Firefox Blocks Adobe Flash Player Plugin Due To Unpatched 3rd Zero Day Vulnerability.
Some of the places user didn't see the videos due to block. Exploits for these vulnerabilities were found in the information taken from HackingTeam in the assault revealed a week ago.
Adobe expected to patch these flash Zero days in this week, but at the meantime Adobe disabled all versions of plugin.
Adobe released 184.108.40.206 update version for flash player plugin today
In the Mozilla Statement,
"All versions of Adobe’s Flash Player plugin are currently deactivated by default, until Adobe releases an updated version to address known critical security issues."

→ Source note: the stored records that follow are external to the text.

Lemma code_inj u d u' d' : marked u d -> marked u' d' ->
  code u d = code u' d' -> u = u' /\ d = d'.
Proof.
move=> /split_markedP + /split_markedP; rewrite /code.
case: split_marked => [[[x y] b] ro]; case: split_marked => [[[x' y'] b'] ro'].
move=> [cov -> ->] [cov' -> ->] /(congr1 decode).
by rewrite !encodeK // => -[-> -> -> ->].
Qed.

Lemma weight_code u d : marked u d -> weight (code u d).2 + 2 = weight u.
Proof.
move=> /split_markedP; rewrite /code.
by case: split_marked => [[[x y] b] ro] [/covering_size sxy -> _]; exact: weight_encode.
Qed.

(** * Gap words of numerical semigroups *)

Lemma gap_le_frob G x : x \in G -> x <= frob G.
Proof. by move=> xG; rewrite /frob (leq_bigmax_seq x). Qed.

Lemma frob_gap G : 0 < frob G -> frob G \in G.
Proof.
rewrite /frob big_seq; elim/big_ind: _ => // x y IHx IHy.
by case: (leqP x y).
Qed.

Lemma head_filter_iota (P : pred nat) n l : has P (iota n l) ->
  let h := head 0 [seq j <- iota n l | P j] in
  [/\ P h, n <= h & forall j, n <= j < h -> ~~ P j].
Proof.
elim: l n => [|l IHl] n //=; case: ifP => [Pn _ | nPn /IHl[Ph le_nh min_h]] /=.
  by split=> // j; lia.
split=> [//||j /andP[le_nj lt_jh]]; first lia.
case: (ltnP n j) => [lt_nj | le_jn]; first by apply: min_h; lia.
by rewrite (_ : j = n) ?nPn //; lia.
Qed.

Lemma mult_spec G :
  [/\ 0 < mult G, mult G \notin G & forall j, 0 < j < mult G -> j \in G].
Proof.
have S_frob1 : has (inS G) (iota 1 (frob G).+1).
  apply/hasP; exists (frob G).+1; first by rewrite mem_iota; lia.
  by apply/negP => /gap_le_frob; lia.
have [S_m m_gt0 min_m] := head_filter_iota S_frob1.
by split=> // j /min_m; rewrite negbK.
Qed.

Last week we reported Hacking Team was hacked and 400GBs Data Leaked. These zero days comes out from these leaks.
Firefox officially Tweeted,
We are committed to protecting our users from security risks. That's why–following an Adobe alert–we temporarily blocked #Flash in Firefox.— Firefox (@firefox) July 14, 2015
New Facebook Chief Security Officer (CSO) Alex Stamos tweeted,
It is time for Adobe to announce the end-of-life date for Flash and to ask the browsers to set killbits on the same day.— Alex Stamos (@alexstamos) July 12, 2015
In the Statement of Adobe,
"Security Advisory for Adobe Flash Player
Release date: July 10, 2015
Last Updated: July 12, 2015
Vulnerability identifier: APSA15-04
CVE number: CVE-2015-5122, CVE-2015-5123
Platform: Windows, Macintosh and Linux
Critical vulnerabilities (CVE-2015-5122, CVE-2015-5123) have been identified in Adobe Flash Player 220.127.116.11 and earlier versions for Windows, Macintosh and Linux. Successful exploitation could cause a crash and potentially allow an attacker to take control of the affected system.
Adobe is aware of reports that exploits targeting these vulnerabilities have been published publicly. Adobe expects to make updates available during the week of July 12, 2015."
By playing any flash content in Firefox, top of the browser windows can read
"Firefox has presented the unsafe plugin 'Adobe Flash' from running on the target URL."